## WORK REQUIRED
Nothing should differ between your output and the entries below.

────────

(* Gibbs' inequality: ln y >= 1 - 1/y at y = n |A x :&: B x| / (|A x| |B x|). *)
Lemma mutual_info_lower_bound A B : clustering A -> clustering B ->
  INR n - / INR n * \big[Rplus/0]_x (INR #|pblock A x| * INR #|pblock B x| /
                                     INR #|pblock A x :&: pblock B x|)
  <= INR n * mutual_info A B.
Proof.
move=> hA hB; rewrite /mutual_info !entropyE // joint_entropyE //.
have := sumR_le (P := fun _ => true) (fun x _ => ln_ratio_ge
  (INR_gt0 (card_pblock_gt0 hA x)) (INR_gt0 (card_pblock_gt0 hB x))
  (INR_gt0 (card_pblockI_gt0 x hA hB)) n_pos).
rewrite !sumR_sub big_split /= !sumR_cst_ord sumR_mull -!/(sum_ln _).
set SJ := sum_ln _; set SA := sum_ln _; set SB := sum_ln _.
set ratios := \big[Rplus/0]_x _.
rewrite Rmult_1_r => /Rle_trans; apply; apply: Req_le; field; lra.
Qed.

Lemma mutual_info_ge0 A B : clustering A -> clustering B -> 0 <= mutual_info A B.
Proof.
move=> hA hB; have := mutual_info_lower_bound hA hB.
have /avg_le := sum_card_ratio_le hA hB; rewrite -Rmult_assoc Rinv_l; last lra.
by nra.
Qed.

Lemma mutual_info_gt0 A B C D : clustering A -> clustering B ->
  C \in A -> D \in B -> C :&: D = set0 -> 0 < mutual_info A B.
Proof.
move=> hA hB AC BD CD; have := mutual_info_lower_bound hA hB.
have /avg_lt := sum_card_ratio_lt hA hB AC BD CD; rewrite -Rmult_assoc Rinv_l; last lra.
by nra.
Qed.

Section ConsistentImprovement.
Variables A B B' : {set {set 'I_n}}.
Hypotheses (hA : clustering A) (hB : clustering B) (hB' : clustering B').
Hypothesis improves : forall x y, agrees A B x y -> agrees A B' x y.

Lemma improvement_agrees x y : x != y ->
  (y \in pblock A x) = (y \in pblock B x) -> (y \in pblock B' x) = (y \in pblock A x).
Proof.
move=> /eqP xy AB; have [_] : agrees A B' x y.
  by apply: improves; split; rewrite // (same_clusterE hA) (same_clusterE hB).
by rewrite (same_clusterE hA) (same_clusterE hB') => ->.
Qed.

Lemma pblockI_sub x : pblock A x :&: pblock B x \subset pblock B' x.
Proof.
apply/subsetP => y; rewrite inE => /andP[yA yB].
have [<-|xy] := eqVneq x y; first exact: pblock_self.
by rewrite (improvement_agrees xy) // yA yB.
Qed.

Lemma pblock_subU x : pblock B' x \subset pblock A x :|: pblock B x.
Proof.
apply/subsetP => y yB'; rewrite inE; apply/negPn/negP; rewrite negb_or => /andP[yA yB].
have xy : x != y by apply: contraNneq yA => <-; exact: pblock_self.
by move: yB'; rewrite (improvement_agrees xy) (negbTE yA) ?(negbTE yB).
Qed.

(* Points y in B' x \ A x and z in B' x \ B x would be separated by both A and
   B, yet lie in one cluster of B'. *)
Lemma pblock_sub_or x :
  pblock B' x \subset pblock A x \/ pblock B' x \subset pblock B x.
Proof.
have [|/subsetPn[y yB' yA]] := boolP (pblock B' x \subset pblock A x); first by left.
have mem_AUB z w : w \in pblock B' z -> (w \in pblock A z) || (w \in pblock B z).
  by move=> wB'; have := subsetP (pblock_subU z) w wB'; rewrite inE.
have yB : y \in pblock B x by move: (mem_AUB _ _ yB'); rewrite (negbTE yA).
right; apply/subsetP => z zB'; apply/negPn/negP => zB.
have zA : z \in pblock A x by move: (mem_AUB _ _ zB'); rewrite (negbTE zB) orbF.
have := mem_AUB z y; rewrite (pblock_eq hB' zB') yB' (pblock_eq hA zA) (negbTE yA).
by rewrite (mem_pblock_sym hB) (pblock_eq hB yB) (negbTE zB) => /(_ isT).
Qed.

Lemma card_pblockI_le x :
  (#|pblock A x :&: pblock B x| <= #|pblock A x :&: pblock B' x|)%nat.
Proof. by apply: subset_leq_card; rewrite subsetI subsetIl pblockI_sub. Qed.

Lemma card_pblock_cross_le x :
  (#|pblock B' x| * #|pblock A x :&: pblock B x| <=
   #|pblock B x| * #|pblock A x :&: pblock B' x|)%nat.
Proof.
have kk' := card_pblockI_le x.
have kb : (#|pblock A x :&: pblock B x| <= #|pblock B x|)%nat.
  by apply: subset_leq_card; exact: subsetIr.
case: (pblock_sub_or x) => [/setIidPr -> | B'B].
  by rewrite [X in (_ <= X)%nat]mulnC leq_mul2l kb orbT.
have b'b : (#|pblock B' x| <= #|pblock B x|)%nat by exact: subset_leq_card.
by apply: leq_mul.
Qed.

────────

## PROBLEM SOLUTION
(* Gibbs' inequality: ln y >= 1 - 1/y at y = n |A x :&: B x| / (|A x| |B x|). *)
Lemma mutual_info_lower_bound A B : clustering A -> clustering B ->
  INR n - / INR n * \big[Rplus/0]_x (INR #|pblock A x| * INR #|pblock B x| /
                                     INR #|pblock A x :&: pblock B x|)
  <= INR n * mutual_info A B.
Proof.
move=> hA hB; rewrite /mutual_info !entropyE // joint_entropyE //.
have := sumR_le (P := fun _ => true) (fun x _ => ln_ratio_ge
  (INR_gt0 (card_pblock_gt0 hA x)) (INR_gt0 (card_pblock_gt0 hB x))
  (INR_gt0 (card_pblockI_gt0 x hA hB)) n_pos).
rewrite !sumR_sub big_split /= !sumR_cst_ord sumR_mull -!/(sum_ln _).
set SJ := sum_ln _; set SA := sum_ln _; set SB := sum_ln _.
set ratios := \big[Rplus/0]_x _.
rewrite Rmult_1_r => /Rle_trans; apply; apply: Req_le; field; lra.
Qed.

Lemma mutual_info_ge0 A B : clustering A -> clustering B -> 0 <= mutual_info A B.
Proof.
move=> hA hB; have := mutual_info_lower_bound hA hB.
have /avg_le := sum_card_ratio_le hA hB; rewrite -Rmult_assoc Rinv_l; last lra.
by nra.
Qed.

Lemma mutual_info_gt0 A B C D : clustering A -> clustering B ->
  C \in A -> D \in B -> C :&: D = set0 -> 0 < mutual_info A B.
Proof.
move=> hA hB AC BD CD; have := mutual_info_lower_bound hA hB.
have /avg_lt := sum_card_ratio_lt hA hB AC BD CD; rewrite -Rmult_assoc Rinv_l; last lra.
by nra.
Qed.

Section ConsistentImprovement.
Variables A B B' : {set {set 'I_n}}.
Hypotheses (hA : clustering A) (hB : clustering B) (hB' : clustering B').
Hypothesis improves : forall x y, agrees A B x y -> agrees A B' x y.

Lemma improvement_agrees x y : x != y ->
  (y \in pblock A x) = (y \in pblock B x) -> (y \in pblock B' x) = (y \in pblock A x).
Proof.
move=> /eqP xy AB; have [_] : agrees A B' x y.
  by apply: improves; split; rewrite // (same_clusterE hA) (same_clusterE hB).
by rewrite (same_clusterE hA) (same_clusterE hB') => ->.
Qed.

Lemma pblockI_sub x : pblock A x :&: pblock B x \subset pblock B' x.
Proof.
apply/subsetP => y; rewrite inE => /andP[yA yB].
have [<-|xy] := eqVneq x y; first exact: pblock_self.
by rewrite (improvement_agrees xy) // yA yB.
Qed.

Lemma pblock_subU x : pblock B' x \subset pblock A x :|: pblock B x.
Proof.
apply/subsetP => y yB'; rewrite inE; apply/negPn/negP; rewrite negb_or => /andP[yA yB].
have xy : x != y by apply: contraNneq yA => <-; exact: pblock_self.
by move: yB'; rewrite (improvement_agrees xy) (negbTE yA) ?(negbTE yB).
Qed.

(* Points y in B' x \ A x and z in B' x \ B x would be separated by both A and
   B, yet lie in one cluster of B'. *)
Lemma pblock_sub_or x :
  pblock B' x \subset pblock A x \/ pblock B' x \subset pblock B x.
Proof.
have [|/subsetPn[y yB' yA]] := boolP (pblock B' x \subset pblock A x); first by left.
have mem_AUB z w : w \in pblock B' z -> (w \in pblock A z) || (w \in pblock B z).
  by move=> wB'; have := subsetP (pblock_subU z) w wB'; rewrite inE.
have yB : y \in pblock B x by move: (mem_AUB _ _ yB'); rewrite (negbTE yA).
right; apply/subsetP => z zB'; apply/negPn/negP => zB.
have zA : z \in pblock A x by move: (mem_AUB _ _ zB'); rewrite (negbTE zB) orbF.
have := mem_AUB z y; rewrite (pblock_eq hB' zB') yB' (pblock_eq hA zA) (negbTE yA).
by rewrite (mem_pblock_sym hB) (pblock_eq hB yB) (negbTE zB) => /(_ isT).
Qed.

Lemma card_pblockI_le x :
  (#|pblock A x :&: pblock B x| <= #|pblock A x :&: pblock B' x|)%nat.
Proof. by apply: subset_leq_card; rewrite subsetI subsetIl pblockI_sub. Qed.

Lemma card_pblock_cross_le x :
  (#|pblock B' x| * #|pblock A x :&: pblock B x| <=
   #|pblock B x| * #|pblock A x :&: pblock B' x|)%nat.
Proof.
have kk' := card_pblockI_le x.
have kb : (#|pblock A x :&: pblock B x| <= #|pblock B x|)%nat.
  by apply: subset_leq_card; exact: subsetIr.
case: (pblock_sub_or x) => [/setIidPr -> | B'B].
  by rewrite [X in (_ <= X)%nat]mulnC leq_mul2l kb orbT.
have b'b : (#|pblock B' x| <= #|pblock B x|)%nat by exact: subset_leq_card.
by apply: leq_mul.
Qed.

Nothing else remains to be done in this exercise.